Robinhood clearly felt the same when it halted trading in some of the heavily shorted stocks (and, on Friday, as many as 50 other stocks). The online broker, whose tagline is “Investing for Everyone,” tried to clarify its decision in an email last week, saying the temporary restriction “was not made on the direction of any market maker we route to or other market participants.”
Robinhood also emphasized its longstanding mission to open the capital markets up to a greater share of people, including younger and nontraditional investors:
The past year in particular has shown us that the financial markets are for everyone—not just institutional investors and hedge funds... Democratizing finance for all means giving more people access, not less.
Dalio: Bitcoin Is “One Hell of an Invention”
That brings me to Bitcoin, Ethereum and the crypto ecosystem in general, which is likewise helping to democratize finance. When you use a card to pay for your Starbucks, there’s a third party standing between you and the transaction. With Bitcoin and Ethereum, payments are peer-to-peer, open and free to move across borders.
For this reason and more, Ray Dalio last week called Bitcoin “one hell of an invention.”
In a blog post dated January 28, the Bridgewater founder wrote that it’s an “amazing accomplishment” that Bitcoin has been “rapidly gaining popularity as both a type of money and a storehold of wealth.” He added that, to him, Bitcoin looks like an attractive long-term option that he could one day put money in.
Dalio’s comment, I believe, underscores the reality that cryptos are rapidly going mainstream—as an investment, as stores of value and as currencies. It’s no longer just speculators who are participating, but well-known, highly respected investors and organizations.
The week before last, in fact, inflows into cryptocurrency funds and products hit a new record of $1.31 billion, according to CoinShares. So far this year, Bitcoin has seen average daily trading volume of $12.3 billion, up significantly from $2.2 billion last year.
Another sign that Bitcoin is growing in popularity: The number of Bitcoin wallets that contained a positive balance reached a new record high in 2020, according to Coinbase’s 2020 in Review. An estimated 33.2 million wallets held Bitcoin, an increase of 16.8% from the previous year.
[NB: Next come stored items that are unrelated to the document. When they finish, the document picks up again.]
Lemma opnorm_ge0 N : 0 <= opnorm N.
Proof.
apply: le_trans (eucl_ge0 (N *m delta_mx 0 0)) (eucl_mul_le_opnorm _ _).
by rewrite /eucl big_ord3 !mxE /= expr1n !expr0n /= !addr0 sqrtr1.
Qed.

Lemma eucl_mul_le N v : eucl (N *m v) <= opnorm N * eucl v.
Proof.
have [v0|v_neq0] := eqVneq (eucl v) 0.
  have eucl0 : eucl (0 : 'cV[R]_3) = 0.
    by rewrite /eucl big1 ?sqrtr0 // => i _; rewrite mxE expr0n.
  by rewrite (eucl_eq0 v0) mulmx0 eucl0 mulr0.
have v_gt0 : 0 < eucl v by rewrite lt_def v_neq0 eucl_ge0.
have unit : eucl ((eucl v)^-1 *: v) = 1.
  by rewrite euclZ ger0_norm ?invr_ge0 ?eucl_ge0 // mulVf.
have := eucl_mul_le_opnorm N unit.
by rewrite -scalemxAr euclZ ger0_norm ?invr_ge0 ?eucl_ge0 // ler_pdivrMl // mulrC.
Qed.

Lemma bilin_le_opnorm N u v : eucl u <= 1 -> eucl v <= 1 ->
  \sum_i \sum_j u i 0 * v j 0 * N i j <= opnorm N.
Proof.
move=> u1 v1.
have -> : \sum_i \sum_j u i 0 * v j 0 * N i j = \sum_i u i 0 * (N *m v) i 0.
  apply: eq_bigr => i _; rewrite mxE mulr_sumr.
  by apply: eq_bigr => j _; rewrite -mulrA (mulrC (v j 0)).
apply: le_trans (dot_le_eucl u (N *m v)) _.
apply: le_trans (ler_wpM2r (eucl_ge0 _) u1) _; rewrite mul1r.
apply: le_trans (eucl_mul_le N v) _.
by rewrite -[leRHS]mulr1 ler_wpM2l ?opnorm_ge0.
Qed.

End EuclideanR3.

Section ComplexParts.
Variable R : realType.
Implicit Types x y : R[i].

Lemma complex_ReIm_eq x y :
  complex.Re x = complex.Re y -> complex.Im x = complex.Im y -> x = y.
Proof. by case: x y => [a b] [c d] /= -> ->. Qed.

Lemma ReM x y :
  complex.Re (x * y) = complex.Re x * complex.Re y - complex.Im x * complex.Im y.
Proof. by case: x y => [a b] [c d]. Qed.

Lemma ImM x y :
  complex.Im (x * y) = complex.Re x * complex.Im y + complex.Im x * complex.Re y.
Proof. by case: x y => [a b] [c d]. Qed.

Lemma ReJ x : complex.Re x^* = complex.Re x.
Proof. by case: x. Qed.

Lemma ImJ x : complex.Im x^* = - complex.Im x.
Proof. by case: x. Qed.

Lemma ge0_ReIm x : 0 <= x -> complex.Im x = 0 /\ 0 <= complex.Re x.
Proof. by rewrite lecE => /andP[/eqP]. Qed.

Lemma ReD x y : complex.Re (x + y) = complex.Re x + complex.Re y.
Proof. exact: raddfD. Qed.

Lemma ImD x y : complex.Im (x + y) = complex.Im x + complex.Im y.
Proof. exact: raddfD. Qed.

Lemma Re0 : complex.Re (0 : R[i]) = 0. Proof. by []. Qed.
Lemma Im0 : complex.Im (0 : R[i]) = 0. Proof. by []. Qed.
Lemma Re1 : complex.Re (1 : R[i]) = 1. Proof. by []. Qed.
Lemma Im1 : complex.Im (1 : R[i]) = 0. Proof. by []. Qed.
Lemma Rei : complex.Re ('i%C : R[i]) = 0. Proof. by []. Qed.
Lemma Imi : complex.Im ('i%C : R[i]) = 1. Proof. by []. Qed.

Lemma ReN x : complex.Re (- x) = - complex.Re x.
Proof. exact: raddfN. Qed.

Lemma ImN x : complex.Im (- x) = - complex.Im x.
Proof. exact: raddfN. Qed.

Lemma ReC (r : R) : complex.Re r%:C%C = r. Proof. by []. Qed.
Lemma ImC (r : R) : complex.Im r%:C%C = 0. Proof. by []. Qed.

Lemma Ren n : complex.Re (n%:R : R[i]) = n%:R.
Proof. exact: raddfMn. Qed.

Lemma Imn n : complex.Im (n%:R : R[i]) = 0.
Proof. by rewrite raddfMn mul0rn. Qed.

(* The constants come first and ReC, ImC, Ren, Imn last: the latter unify with any
   closed complex expression by computation and would leave unnormalized terms. *)
Definition ReImE := (Re0, Im0, Re1, Im1, Rei, Imi, ReD, ImD, ReN, ImN,
                     ReM, ImM, ReJ, ImJ, ReC, ImC, Ren, Imn).

End ComplexParts.

Section Hermitian.
Variable R : realType.
Local Notation C := R[i].

Definition hermitian n (A : 'M[C]_n) := forall i j, A j i = (A i j)^*.

Lemma adjmxE m n (A : 'M[C]_(m, n)) i j : adjmx A j i = (A i j)^*.
Proof. by rewrite !mxE. Qed.

Lemma adjmxK m n (A : 'M[C]_(m, n)) : adjmx (adjmx A) = A.
Proof. by apply/matrixP => i j; rewrite !adjmxE conjCK. Qed.

Lemma adjmxM m n p (A : 'M[C]_(m, n)) (B : 'M[C]_(n, p)) :
  adjmx (A *m B) = adjmx B *m adjmx A.
Proof.
apply/matrixP => i j; rewrite !mxE rmorph_sum; apply: eq_bigr => k _.
by rewrite !mxE rmorphM mulrC.
Qed.

Lemma adjmxD m n (A B : 'M[C]_(m, n)) : adjmx (A + B) = adjmx A + adjmx B.
Proof. by apply/matrixP => i j; rewrite !mxE rmorphD. Qed.

Lemma adjmxZ m n (c : C) (A : 'M[C]_(m, n)) : adjmx (c *: A) = c^* *: adjmx A.
Proof. by apply/matrixP => i j; rewrite !mxE rmorphM. Qed.

Lemma adjmx_delta n (i : 'I_n) : adjmx (delta_mx i 0) = delta_mx 0 i :> 'rV[C]_n.
Proof.
apply/matrixP => a b; rewrite !mxE (ord1 a) /=.
by case: (b == i); rewrite /= ?rmorph1 ?rmorph0.
Qed.

Lemma form_delta n (A : 'M[C]_n) i j :
  (delta_mx 0 i *m A *m delta_mx j 0 : 'M[C]_1) 0 0 = A i j.
Proof. by rewrite -rowE -colE !mxE. Qed.

Lemma form_delta2 n (A : 'M[C]_n) i j (a b : C) :
  (adjmx (a *: delta_mx i 0 + b *: delta_mx j 0) *m A
     *m (a *: delta_mx i 0 + b *: delta_mx j 0) : 'M_1) 0 0
  = a^* * a * A i i + a^* * b * A i j + b^* * a * A j i + b^* * b * A j j.
Proof.
rewrite adjmxD !adjmxZ !adjmx_delta !mulmxDr !mulmxDl -!scalemxAl -!scalemxAr.
by rewrite !(form_delta, mxE); ring.
Qed.

Lemma psd_form_delta2 n (A : 'M[C]_n) i j (a b : C) : psd A ->
  0 <= a^* * a * A i i + a^* * b * A i j + b^* * a * A j i + b^* * b * A j j.
Proof. by rewrite -form_delta2; apply. Qed.

Lemma psd_hermitian n (A : 'M[C]_n) : psd A -> hermitian A.
Proof.
move=> A_psd i j.
have real a b := ge0_ReIm (psd_form_delta2 i j a b A_psd).
move: (real 0 1) (real 1 0) (real 1 1) (real 1 'i%C).
rewrite !ReImE => -[Ajj_real _] [Aii_real _] [real_1 _] [real_i _].
by apply: complex_ReIm_eq; rewrite !ReImE; lra.
Qed.

Lemma psd_rank1 n (u : 'cV[C]_n) : psd (u *m adjmx u).
Proof.
move=> v; rewrite !mulmxA -(mulmxA (adjmx v *m u)) -[adjmx u *m v]adjmxK.
rewrite adjmxM adjmxK mxE big_ord1 adjmxE; exact: mulcJ_ge0.
Qed.

Lemma psdZ n (c : C) (A : 'M[C]_n) : 0 <= c -> psd A -> psd (c *: A).
Proof.
by move=> c_ge0 A_psd v; rewrite -scalemxAr -scalemxAl mxE mulr_ge0.
Qed.

Lemma hermitian_tens m n (A : 'M[C]_m) (B : 'M[C]_n) :
  hermitian A -> hermitian B -> hermitian (A *t B).
Proof.
move=> hA hB k l; case: (mxtens_indexP k) => a c; case: (mxtens_indexP l) => b d.
by rewrite !tensmxE hA hB rmorphM.
Qed.

Lemma adjmx_hermitian n (A : 'M[C]_n) : hermitian A -> adjmx A = A.
Proof. by move=> hA; apply/matrixP => i j; rewrite adjmxE hA conjCK. Qed.

Lemma mxtrace_adjmx n (A : 'M[C]_n) : \tr (adjmx A) = (\tr A)^*.
Proof. by rewrite /mxtrace rmorph_sum; apply: eq_bigr => i _; rewrite adjmxE. Qed.

Lemma Im_mxtrace_hermitian n (A B : 'M[C]_n) :
  hermitian A -> hermitian B -> complex.Im (\tr (A *m B)) = 0.
Proof.
move=> hA hB.
have trJ : (\tr (A *m B))^* = \tr (A *m B).
  by rewrite -mxtrace_adjmx adjmxM !adjmx_hermitian // mxtrace_mulC.
by have := congr1 (@complex.Im R) trJ; rewrite ImJ; lra.
Qed.

End Hermitian.

Section Bloch.
Variable R : realType.
Local Notation C := R[i].

Definition bloch (s : 'M[C]_2) : 'cV[R]_3 :=
  \col_(k < 3) (if (k : nat) == 0 then 2 * complex.Re (s 1 0)
                else if (k : nat) == 1 then 2 * complex.Im (s 1 0)
                else complex.Re (s 0 0) - complex.Re (s 1 1)).

Lemma density2P (s : 'M[C]_2) : density s ->
  [/\ complex.Im (s 0 0) = 0, complex.Im (s 1 1) = 0,
      complex.Re (s 0 0) + complex.Re (s 1 1) = 1 & s 0 1 = (s 1 0)^*].
Proof.
move=> [/psd_hermitian s_herm tr1].
have real k : complex.Im (s k k) = 0.
  by have := congr1 (@complex.Im R) (s_herm k k); rewrite ImJ; lra.
split; [exact: real | exact: real | | exact: s_herm].
by have := congr1 (@complex.Re R) tr1; rewrite /mxtrace big_ord2 ReD Re1.
Qed.

Lemma bloch_decomp (s : 'M[C]_2) : density s ->
  2%:R *: s - 1%:M = \sum_k (bloch s k 0)%:C%C *: pauli R k.
Proof.
move=> /density2P[Im00 Im11 tr1 s01].
apply/matrixP => a b; rewrite summxE big_ord3 !mxE.
by case: (ord2P a) => ->; case: (ord2P b) => ->;
  rewrite /pauli /sigma1 /sigma2 /sigma3 /= ?mxE /=;
  apply: complex_ReIm_eq; rewrite ?s01 !ReImE; lra.
Qed.

Lemma bloch_norm (s : 'M[C]_2) : density s -> eucl (bloch s) <= 1.
Proof.
move=> s_dens; have [Im00 Im11 tr1 s01] := density2P s_dens.
(* At (-s01, s00) and (s11, -s10) the form of s takes the values x det and y det, with
   det = x y - u^2 - w^2; these add up to det as x + y = 1, and
   |bloch s|^2 = (x + y)^2 - 4 det. *)
have q1 := (ge0_ReIm (psd_form_delta2 0 1 (- s 0 1) (s 0 0) s_dens.1)).2.
have q2 := (ge0_ReIm (psd_form_delta2 0 1 (s 1 1) (- s 1 0) s_dens.1)).2.
rewrite s01 !ReImE Im00 Im11 in q1 q2.
set x := complex.Re (s 0 0) in tr1 q1 q2 *; set y := complex.Re (s 1 1) in tr1 q1 q2 *.
set u := complex.Re (s 1 0) in q1 q2 *; set w := complex.Im (s 1 0) in q1 q2 *.
have det_ge0 : 0 <= x * y - u ^+ 2 - w ^+ 2 by nra.
by rewrite eucl_le1 big_ord3 !mxE /=; nra.
Qed.

End Bloch.

Section Expectation.
Variables (R : realType) (m n : nat) (tau : 'M[R[i]]_(m * n)).
Local Notation C := R[i].

Definition expect_tens (X : 'M[C]_m) (Y : 'M[C]_n) : C := \tr (tau *m (X *t Y)).

Lemma expect_tensDl X X' Y :
  expect_tens (X + X') Y = expect_tens X Y + expect_tens X' Y.
Proof. by rewrite /expect_tens tensmxDl mulmxDr mxtraceD. Qed.

Lemma expect_tensDr X Y Y' :
  expect_tens X (Y + Y') = expect_tens X Y + expect_tens X Y'.
Proof. by rewrite /expect_tens tensmxDr mulmxDr mxtraceD. Qed.

Lemma expect_tensZl (c : C) X Y : expect_tens (c *: X) Y = c * expect_tens X Y.
Proof. by rewrite /expect_tens tensmxZl -scalemxAr mxtraceZ. Qed.

Lemma expect_tensZr (c : C) X Y : expect_tens X (c *: Y) = c * expect_tens X Y.
Proof. by rewrite /expect_tens tensmxZr -scalemxAr mxtraceZ. Qed.

Lemma expect_tensNl X Y : expect_tens (- X) Y = - expect_tens X Y.
Proof. by rewrite -scaleN1r expect_tensZl mulN1r. Qed.

Lemma expect_tensNr X Y : expect_tens X (- Y) = - expect_tens X Y.
Proof. by rewrite -scaleN1r expect_tensZr mulN1r. Qed.

Lemma expect_tens_suml I r (P : pred I) (X : I -> 'M[C]_m) Y :
  expect_tens (\sum_(i <- r | P i) X i) Y = \sum_(i <- r | P i) expect_tens (X i) Y.
Proof.
apply: (big_morph (expect_tens^~ Y) (fun X X' => expect_tensDl X X' Y)).
by rewrite /expect_tens tens0mx mulmx0 mxtrace0.
Qed.

Lemma expect_tens_sumr I r (P : pred I) X (Y : I -> 'M[C]_n) :
  expect_tens X (\sum_(i <- r | P i) Y i) = \sum_(i <- r | P i) expect_tens X (Y i).
Proof.
apply: (big_morph (expect_tens X) (expect_tensDr X)).
by rewrite /expect_tens tensmx0 mulmx0 mxtrace0.
Qed.

Lemma expect_tens11 : expect_tens 1%:M 1%:M = \tr tau.
Proof. by rewrite /expect_tens tensmx11 mulmx1. Qed.

Lemma expect_tens_centered X Y :
  expect_tens (2%:R *: X - 1%:M) (2%:R *: Y - 1%:M)
  = 4%:R * expect_tens X Y - 2%:R * expect_tens X 1%:M
    - 2%:R * expect_tens 1%:M Y + expect_tens 1%:M 1%:M.
Proof.
rewrite !(expect_tensDl, expect_tensDr, expect_tensNl, expect_tensNr).
by rewrite !(expect_tensZl, expect_tensZr); ring.
Qed.

Lemma expect_tens_sum_centered I (r : seq I) (c : I -> C)
    (s : I -> 'M[C]_m) (w : I -> 'M[C]_n) :
  \sum_(i <- r) c i *: s i = 1%:M -> \sum_(i <- r) c i *: w i = 1%:M ->
  \sum_(i <- r) c i * expect_tens (2%:R *: s i - 1%:M) (2%:R *: w i - 1%:M)
  = 4%:R * \sum_(i <- r) c i * expect_tens (s i) (w i)
    + (\sum_(i <- r) c i - 4%:R) * expect_tens 1%:M 1%:M.
Proof.
move=> sum_s sum_w.
have sum_s1 : \sum_(i <- r) c i * expect_tens (s i) 1%:M = expect_tens 1%:M 1%:M.
  rewrite -[X in _ = expect_tens X _]sum_s expect_tens_suml.
  by apply: eq_bigr => i _; rewrite expect_tensZl.
have sum_1w : \sum_(i <- r) c i * expect_tens 1%:M (w i) = expect_tens 1%:M 1%:M.
  rewrite -[X in _ = expect_tens _ X]sum_w expect_tens_sumr.
  by apply: eq_bigr => i _; rewrite expect_tensZr.
under eq_bigr do rewrite expect_tens_centered.
set F11 := expect_tens 1%:M 1%:M.
have -> : 4%:R * \sum_(i <- r) c i * expect_tens (s i) (w i)
      + (\sum_(i <- r) c i - 4%:R) * F11
    = 4%:R * \sum_(i <- r) c i * expect_tens (s i) (w i)
      - 2%:R * \sum_(i <- r) c i * expect_tens (s i) 1%:M
      - 2%:R * \sum_(i <- r) c i * expect_tens 1%:M (w i) + (\sum_(i <- r) c i) * F11.
  by rewrite sum_s1 sum_1w; ring.
rewrite mulr_suml !mulr_sumr -!sumrB -big_split /=.
by apply: eq_bigr => i _; ring.
Qed.

End Expectation.

Section PauliExpectation.
Variable R : realType.
Local Notation C := R[i].

Lemma pauli_hermitian k : hermitian (pauli R k).
Proof.
move=> a b; case: k => [[|[|[|//]]] ?]; case: (ord2P a) => ->; case: (ord2P b) => ->;
  rewrite /pauli /sigma1 /sigma2 /sigma3 /= ?mxE /=;
  by apply: complex_ReIm_eq; rewrite !ReImE; lra.
Qed.

Variable tau : 'M[C]_(2 * 2).
Hypothesis tau_herm : hermitian tau.

Lemma expect_pauli i j :
  expect_tens tau (pauli R i) (pauli R j) = (corr tau i j)%:C%C.
Proof.
apply: complex_ReIm_eq; first by rewrite ReC /corr mxE.
by rewrite ImC Im_mxtrace_hermitian //; apply: hermitian_tens; apply: pauli_hermitian.
Qed.

Lemma expect_bloch (s w : 'M[C]_2) : density s -> density w ->
  expect_tens tau (2%:R *: s - 1%:M) (2%:R *: w - 1%:M)
  = (\sum_i \sum_j bloch s i 0 * bloch w j 0 * corr tau i j)%:C%C.
Proof.
move=> s_dens w_dens; rewrite (bloch_decomp s_dens) (bloch_decomp w_dens).
rewrite expect_tens_suml rmorph_sum; apply: eq_bigr => i _.
rewrite expect_tensZl expect_tens_sumr mulr_sumr rmorph_sum; apply: eq_bigr => j _.
by rewrite expect_tensZr expect_pauli !rmorphM mulrA.
Qed.

End PauliExpectation.

Section LinearMap.
Variables (R : realType) (Psi : 'M[R[i]]_2 -> 'M[R[i]]_2).
Hypothesis Psi_lin : is_linear_map Psi.

Lemma linear_map0 : Psi 0 = 0.
Proof.
have := Psi_lin 1 0 0; rewrite !scale1r addr0 => Psi0.
by apply: (addrI (Psi 0)); rewrite addr0 -Psi0.
Qed.

Lemma linear_mapD X Y : Psi (X + Y) = Psi X + Psi Y.
Proof. by have := Psi_lin 1 X Y; rewrite !scale1r. Qed.

Lemma linear_mapZ c X : Psi (c *: X) = c *: Psi X.
Proof. by rewrite -[c *: X]addr0 Psi_lin linear_map0 addr0. Qed.

Lemma linear_map_sum I (r : seq I) (X : I -> 'M[R[i]]_2) :
  Psi (\sum_(i <- r) X i) = \sum_(i <- r) Psi (X i).
Proof. exact: (big_morph Psi linear_mapD linear_map0). Qed.

Lemma lift_mapZ n c (X : 'M[R[i]]_(n * 2)) :
  lift_map Psi (c *: X) = c *: lift_map Psi X.
Proof.
have blockZ k l :
    \matrix_(a < 2, b < 2) (c *: X) (mxtens_index (k, a)) (mxtens_index (l, b))
    = c *: \matrix_(a < 2, b < 2) X (mxtens_index (k, a)) (mxtens_index (l, b)).
  by apply/matrixP => a b; rewrite !mxE.
by apply/matrixP => k l; rewrite /lift_map mxE blockZ linear_mapZ !mxE.
Qed.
The Rise of DeFi, a Competitor to Traditional Financial Services
Decentralized finance (DeFi) also continued to grow in 2020. In short, DeFi has the potential to completely upend the traditional financial services industry by providing “global, programmatic, decentralized, 24/7/365 markets” for services as various as taking out loans, investing in derivatives, trading assets and buying insurance contracts. For the first time, financial product development has been put “directly in the hands of engineers, who no longer need to work at a bank and ‘ask permission’ to create products.”
According to Coinbase, there were 1.2 million DeFi users around the world taking advantage of these open-source systems. The number will only continue to grow.
I think one of the biggest signs that open-source technology is giving traditional finance a run for its money is that, today, a single Bitcoin is enough to purchase between 100 and 150 shares each of the big four U.S. banks. Compare that to five years ago, when one coin could only buy you about one share each.
We Were Early in the Crypto Ecosystem
Having said all that, I couldn’t be prouder to have helped bring HIVE Blockchain Technologies to market more than three years ago. It remains the only crypto miner that mines both Bitcoin and Ethereum.
Today, I’m pleased to say that HIVE ranked number four on the 2021 OTCQX Best 50, a ranking of top performing companies on the OTCQX Best Market based on 2020 total return and average daily dollar volume growth.